By Barbara Wood
Special to the Almanac
How does a parent talk to a child about an event as horrific as Friday's shooting in a Connecticut school that left at least 20 children and 8 adults dead?
The first thing to do is to talk to your child, of any age, says Janet Childs, the director of education, training and critical incident stress management for the Centre for Living with Dying program of Bill Wilson Center in San Jose and Santa Clara.
Children, even very young ones, will hear the news. "Make time to sit down and address it," she says. "To think that we can protect them from it is, I believe, unrealistic."
"They do understand that a tragedy has happened and that adults are upset," she says.
Other experts warn, however, to not push a child to talk about something they do not want to talk about.
Let children know, Ms. Childs says, that what happened is sad and heart-breaking, but it does not happen very often. Children, she says, often worry that if something happened elsewhere, that it could happen to them. Let children know, she says, that it will not happen everywhere.
With small children, she says, keep the conversation simple and short.
"It is beyond our comprehension. It's OK to tell the kids that," she says.
"The first step is to acknowledge," what happened and that they, and you, may feel sad, helpless, lonely or scared, she says.
"One of the things I suggest is that when they get home today that they hug their kids," Ms. Childs says. Tell children you love and appreciate them and tell them what is being done to make it safe in their home and schools.
Next, she says, allow children to take some sort of action responding to what has happened.
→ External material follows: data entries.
(* Let $k$ be a complete non-archimedean valued field of characteristic $p > 0$, and let $r = (r_1,\ldots,r_n)$ be a tuple of positive real numbers. If $[k : k^p] < \infty$, where $k^p:=\{a^p\mid a\in k\}$, then $\Omega_{k\{r^{-1}T\}/k[T]} = 0$.
   Context: $k\{r^{-1}T\} = k\{r_1^{-1}T_1,\ldots,r_n^{-1}T_n\}$ is the Banach $k$-algebra of power series $\sum_{\nu\in\mathbb{Z}_{\ge0}^n} a_\nu T^\nu$, $a_\nu\in k$, with $|a_\nu| r^\nu \to 0$; $k[T]=k[T_1,\ldots,T_n]$. $\Omega_{k\{r^{-1}T\}/k[T]}$ is the module of Kähler differentials. *)

From HB Require Import structures.
From mathcomp Require Import all_boot all_order all_algebra.
From mathcomp Require Import boolp reals.
From Stdlib Require List.

Set Implicit Arguments.
Unset Strict Implicit.
Unset Printing Implicit Defensive.

Import Order.TTheory GRing.Theory Num.Theory.
Local Open Scope ring_scope.

Definition nonarch_abs (R : realType) (k : fieldType) (abs : k -> R) : Prop :=
  [/\ forall x : k, 0 <= abs x,
      forall x : k, abs x = 0 <-> x = 0,
      forall x y : k, abs (x * y) = abs x * abs y
    & forall x y : k, abs (x + y) <= Num.max (abs x) (abs y)].

Definition abs_complete (R : realType) (k : fieldType) (abs : k -> R) : Prop :=
  forall u : nat -> k,
    (forall eps : R, 0 < eps -> exists N : nat,
        forall m l : nat, (N <= m)%N -> (N <= l)%N -> abs (u m - u l) < eps) ->
    exists lim : k, forall eps : R, 0 < eps -> exists N : nat,
        forall m : nat, (N <= m)%N -> abs (u m - lim) < eps.

(* [k : k^p] < oo : k is a finite-dimensional vector space over its subfield
   k^p = {a^p | a in k}, i.e. k is spanned over k^p by finitely many vectors. *)
Definition finite_p_degree (k : fieldType) (p : nat) : Prop :=
  exists (m : nat) (b : 'I_m -> k),
    forall x : k, exists c : 'I_m -> k, x = \sum_(i < m) (c i) ^+ p * b i.

Definition mindex (n : nat) := {ffun 'I_n -> nat}.

Definition pseries (k : fieldType) (n : nat) := mindex n -> k.

Section PowerSeries.
Variables (k : fieldType) (n : nat).

Definition ps0 : pseries k n := fun _ => 0.
Definition ps1 : pseries k n := fun nu => if nu == [ffun _ => 0%N] then 1 else 0.
Definition ps_add (f g : pseries k n) : pseries k n := fun nu => f nu + g nu.
Definition ps_opp (f : pseries k n) : pseries k n := fun nu => - f nu.
(* Cauchy product: (f g)_nu = sum_{mu <= nu} f_mu g_(nu - mu). *)
Definition ps_mul (f g : pseries k n) : pseries k n := fun nu =>
  \sum_(mu : {ffun 'I_n -> 'I_((\sum_(i < n) nu i).+1)}
          | [forall i, (nat_of_ord (mu i) <= nu i)%N])
     f [ffun i => nat_of_ord (mu i)] * g [ffun i => (nu i - mu i)%N].

Definition is_poly (f : pseries k n) : Prop :=
  exists s : seq (mindex n), forall nu, nu \notin s -> f nu = 0.

End PowerSeries.

(* k{r^{-1}T}: series sum a_nu T^nu with |a_nu| r^nu -> 0 as nu -> oo
   (i.e. for each eps > 0 only finitely many nu have |a_nu| r^nu >= eps). *)
Definition tate_series (R : realType) (k : fieldType) (abs : k -> R)
    (n : nat) (r : 'I_n -> R) (f : pseries k n) : Prop :=
  forall eps : R, 0 < eps -> exists s : seq (mindex n),
    forall nu : mindex n,
      eps <= abs (f nu) * \prod_(i < n) (r i) ^+ (nu i) -> nu \in s.

(* For a subring A (given by a predicate) of the ring of power series and a
   subring B of A, Omega_{A/B} is the free A-module on the symbols d a (a in A)
   modulo the A-submodule N generated by
     d(a + b) - d a - d b,   d(a b) - a d b - b d a   (a, b in A),
     d c                                              (c in B).
   An element of the free module is represented by its coefficient function
   (generator |-> coefficient). Omega_{A/B} = 0 iff every generator d a lies in
   N, i.e. is an A-linear combination of the relations. *)

Section Kaehler.
Variables (k : fieldType) (n : nat).
Local Notation ps := (pseries k n).

Definition ps_gen (a : ps) : ps -> ps :=
  fun g => if `[< g = a >] then @ps1 k n else @ps0 k n.

Inductive kahler_rel :=
  | RelAdd of ps & ps
  | RelMul of ps & ps
  | RelConst of ps.

Definition rel_vec (x : kahler_rel) : ps -> ps :=
  match x with
  | RelAdd a b => fun g =>
      ps_add (ps_gen (ps_add a b) g)
             (ps_opp (ps_add (ps_gen a g) (ps_gen b g)))
  | RelMul a b => fun g =>
      ps_add (ps_gen (ps_mul a b) g)
             (ps_opp (ps_add (ps_mul a (ps_gen b g)) (ps_mul b (ps_gen a g))))
  | RelConst c => ps_gen c
  end.

Definition rel_ok (A B : ps -> Prop) (x : kahler_rel) : Prop :=
  match x with
  | RelAdd a b => A a /\ A b
  | RelMul a b => A a /\ A b
  | RelConst c => B c
  end.

Definition kaehler_zero (A B : ps -> Prop) : Prop :=
  forall a : ps, A a ->
    exists l : seq (ps * kahler_rel),
      (forall x, List.In x l -> A x.1 /\ rel_ok A B x.2) /\
      ps_gen a = (fun g => \big[@ps_add k n/@ps0 k n]_(x <- l) ps_mul x.1 (rel_vec x.2 g)).

End Kaehler.

(* Let b_1, ..., b_m span k over k^p. Every x in k is x = sum_j c_j(x)^p b_j,
   and since the k^p-span of finitely many vectors is closed in the complete
   field k (induction on m), the coordinates can be chosen with
   |c_j(x)|^p <= C |x|. Splitting each exponent as nu = p mu + al with
   0 <= al_i < p then writes a in k{r^-1 T} as
     a = sum_(j, al) b_j T^al g_(j,al)^p,   g_(j,al) = sum_mu c_j(a_(p mu + al)) T^mu,
   where the bound on c_j keeps every g_(j,al) in k{r^-1 T}. As b_j T^al lies
   in k[T] and d(g^p) = p g^(p-1) dg = 0, each d a is a combination of the
   defining relations of the module of differentials, which therefore vanishes. *)

From HB Require Import structures.
From mathcomp Require Import all_boot all_order all_algebra.
From mathcomp Require Import boolp reals.
From mathcomp Require Import zify ring lra.
Import Order.TTheory GRing.Theory Num.Theory.
Local Open Scope ring_scope.
Set Implicit Arguments.
Unset Strict Implicit.
Unset Printing Implicit Defensive.

Section MultiIndex.
Variable n : nat.
Local Notation mi := (mindex n).

Definition mzero : mi := [ffun _ => 0%N].
Definition madd (x y : mi) : mi := [ffun i => (x i + y i)%N].
Definition msub (x y : mi) : mi := [ffun i => (x i - y i)%N].
Definition mscale (j : nat) (x : mi) : mi := [ffun i => (j * x i)%N].
Definition mdiv (j : nat) (x : mi) : mi := [ffun i => (x i %/ j)%N].
Definition mmod (j : nat) (x : mi) : mi := [ffun i => (x i %% j)%N].
Definition mle (x y : mi) : bool := [forall i, (x i <= y i)%N].

Lemma mleP (x y : mi) : reflect (forall i, (x i <= y i)%N) (mle x y).
Proof. exact: forallP. Qed.

Lemma mle0x (x : mi) : mle mzero x.
Proof. by apply/mleP => i; rewrite ffunE. Qed.

Lemma mle_trans (x y z : mi) : mle x y -> mle y z -> mle x z.
Proof. by move=> /mleP xy /mleP yz; apply/mleP => i; apply: leq_trans (xy i) (yz i). Qed.

Lemma mle_subl (x y : mi) : mle (msub x y) x.
Proof. by apply/mleP => i; rewrite ffunE leq_subr. Qed.

Lemma mle_addr (x y : mi) : mle x (madd x y).
Proof. by apply/mleP => i; rewrite ffunE leq_addr. Qed.

Lemma subnmK (x y : mi) : mle y x -> madd y (msub x y) = x.
Proof. by move/mleP => yx; apply/ffunP => i; rewrite !ffunE subnKC. Qed.

Lemma subnmKC (x y : mi) : mle y x -> msub x (msub x y) = y.
Proof. by move/mleP => yx; apply/ffunP => i; rewrite !ffunE subKn. Qed.

Lemma addnmK (x y : mi) : msub (madd x y) x = y.
Proof. by apply/ffunP => i; rewrite !ffunE addKn. Qed.

Lemma subnmDA (x y z : mi) : msub x (madd y z) = msub (msub x y) z.
Proof. by apply/ffunP => i; rewrite !ffunE subnDA. Qed.

Lemma subnm0 (x : mi) : msub x mzero = x.
Proof. by apply/ffunP => i; rewrite !ffunE subn0. Qed.

Lemma mdiv_mscale j (x : mi) : (0 < j)%N -> mdiv j (mscale j x) = x.
Proof. by move=> j0; apply/ffunP => i; rewrite !ffunE mulKn. Qed.

Lemma mdivmod j (x : mi) : madd (mscale j (mdiv j x)) (mmod j x) = x.
Proof. by apply/ffunP => i; rewrite !ffunE mulnC -divn_eq. Qed.

(* The finitely many multi-indices below [nu], enumerated as in [ps_mul]. *)
Definition mbox (nu : mi) : seq mi :=
  [seq [ffun i => nat_of_ord (mu i)] |
     mu : {ffun 'I_n -> 'I_((\sum_(i < n) nu i).+1)}
        <- enum (fun mu : {ffun 'I_n -> 'I_((\sum_(i < n) nu i).+1)} =>
                   [forall i, (nat_of_ord (mu i) <= nu i)%N])].

Lemma mem_mbox nu x : (x \in mbox nu) = mle x nu.
Proof.
apply/mapP/mleP => [[mu]|xnu].
  by rewrite mem_enum => /forallP mu_le -> i; rewrite ffunE mu_le.
have x_small i : (x i < (\sum_(j < n) nu j).+1)%N.
  by rewrite ltnS (leq_trans (xnu i)) // (bigD1 i) //= leq_addr.
exists [ffun i => Ordinal (x_small i)]; last by apply/ffunP => i; rewrite !ffunE.
by rewrite mem_enum; apply/forallP => i; rewrite ffunE /= xnu.
Qed.

Lemma mbox_uniq nu : uniq (mbox nu).
Proof.
rewrite map_inj_uniq ?enum_uniq // => x y /ffunP xy; apply/ffunP => i.
by apply: val_inj; move: (xy i); rewrite !ffunE.
Qed.

Lemma perm_mbox_sub nu : perm_eq (mbox nu) [seq msub nu x | x <- mbox nu].
Proof.
apply: uniq_perm; rewrite ?mbox_uniq //.
  rewrite map_inj_in_uniq ?mbox_uniq // => x y; rewrite !mem_mbox => xnu ynu xy.
  by rewrite -(subnmKC xnu) xy subnmKC.
move=> x; rewrite mem_mbox; apply/idP/mapP => [xnu|[y _ ->]]; last exact: mle_subl.
by exists (msub nu x); rewrite ?mem_mbox ?mle_subl ?subnmKC.
Qed.

Lemma perm_mbox_le nu mu : mle mu nu ->
  perm_eq (mbox mu) [seq x <- mbox nu | mle x mu].
Proof.
move=> munu; apply: uniq_perm; rewrite ?filter_uniq ?mbox_uniq // => x.
rewrite mem_filter !mem_mbox; apply/idP/andP => [xmu|[] //].
by split; last exact: mle_trans xmu munu.
Qed.

Lemma perm_mbox_ge nu la : mle la nu ->
  perm_eq [seq x <- mbox nu | mle la x] [seq madd la x | x <- mbox (msub nu la)].
Proof.
move=> /mleP lanu; apply: uniq_perm; rewrite ?filter_uniq ?mbox_uniq //.
  by rewrite map_inj_uniq ?mbox_uniq // => x y xy; rewrite -(addnmK la x) xy addnmK.
move=> x; rewrite mem_filter mem_mbox; apply/andP/mapP => [[/mleP lax /mleP xnu]|].
  exists (msub x la); last by rewrite subnmK //; apply/mleP.
  by rewrite mem_mbox; apply/mleP => i; move: (lax i) (xnu i); rewrite !ffunE; lia.
case=> y; rewrite mem_mbox => /mleP ynu ->; split; apply/mleP => i; rewrite !ffunE.
  exact: leq_addr.
by move: (ynu i) (lanu i); rewrite !ffunE; lia.
Qed.

End MultiIndex.

Section PowerSeriesRing.
Variables (k : fieldType) (n : nat).
Local Notation mi := (mindex n).

Lemma ps_mulE (f g : pseries k n) nu :
  ps_mul f g nu = \sum_(mu <- mbox nu) f mu * g (msub nu mu).
Proof.
rewrite /ps_mul /mbox big_map big_enum_cond /=.
apply: eq_big => [mu|mu _]; first by rewrite andbT.
by congr (_ * g _); apply/ffunP => i; rewrite !ffunE.
Qed.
If they want to do something, "we can send our concern, our love and our energy," says, perhaps in the form of a letter to the students at the Sandy Hook School, or a poster that children write their wishes and thoughts on. "That gives them an action step to be able to do something."
Another action that older kids might take is lighting a candle. "A candle is a symbol of light, a universal symbol ... of hope and healing," she says. "You can do that at home, too."
Ms. Childs says that she hopes schools will give students a chance to talk about the events. "It is very important for them to be able to talk about it," she says, and often children won't talk to their parents.
Among other resources available to parents who want more information about talking to their children are several sites shared by Cynthia Shaw, regional communications director for the American Red Cross:
The U.S. Department of Health and Human Services: Tips for Talking to Children After a Traumatic Event
• Provide children with opportunities to talk about what they are seeing on television and to ask questions.
• Do not be afraid to admit that you cannot answer all of their questions.
• Answer questions at a level the child can understand.
• Provide ongoing opportunities for children to talk. They probably will have more questions as time goes on.
• Use this as an opportunity to establish a family emergency plan. Feeling that there is something you can do may be very comforting to both children and adults.
• Allow children to discuss other fears and concerns about unrelated issues. This is a good opportunity to explore these issues also.
• Monitor children's television watching. Some parents may wish to limit their child's exposure to graphic or troubling scenes. To the extent possible, be present when your child is watching news coverage of the event. It is at these times that questions might arise.
• Helping Your Child Manage Distress in the Aftermath of a Shooting: tips developed by the American Psychological Association.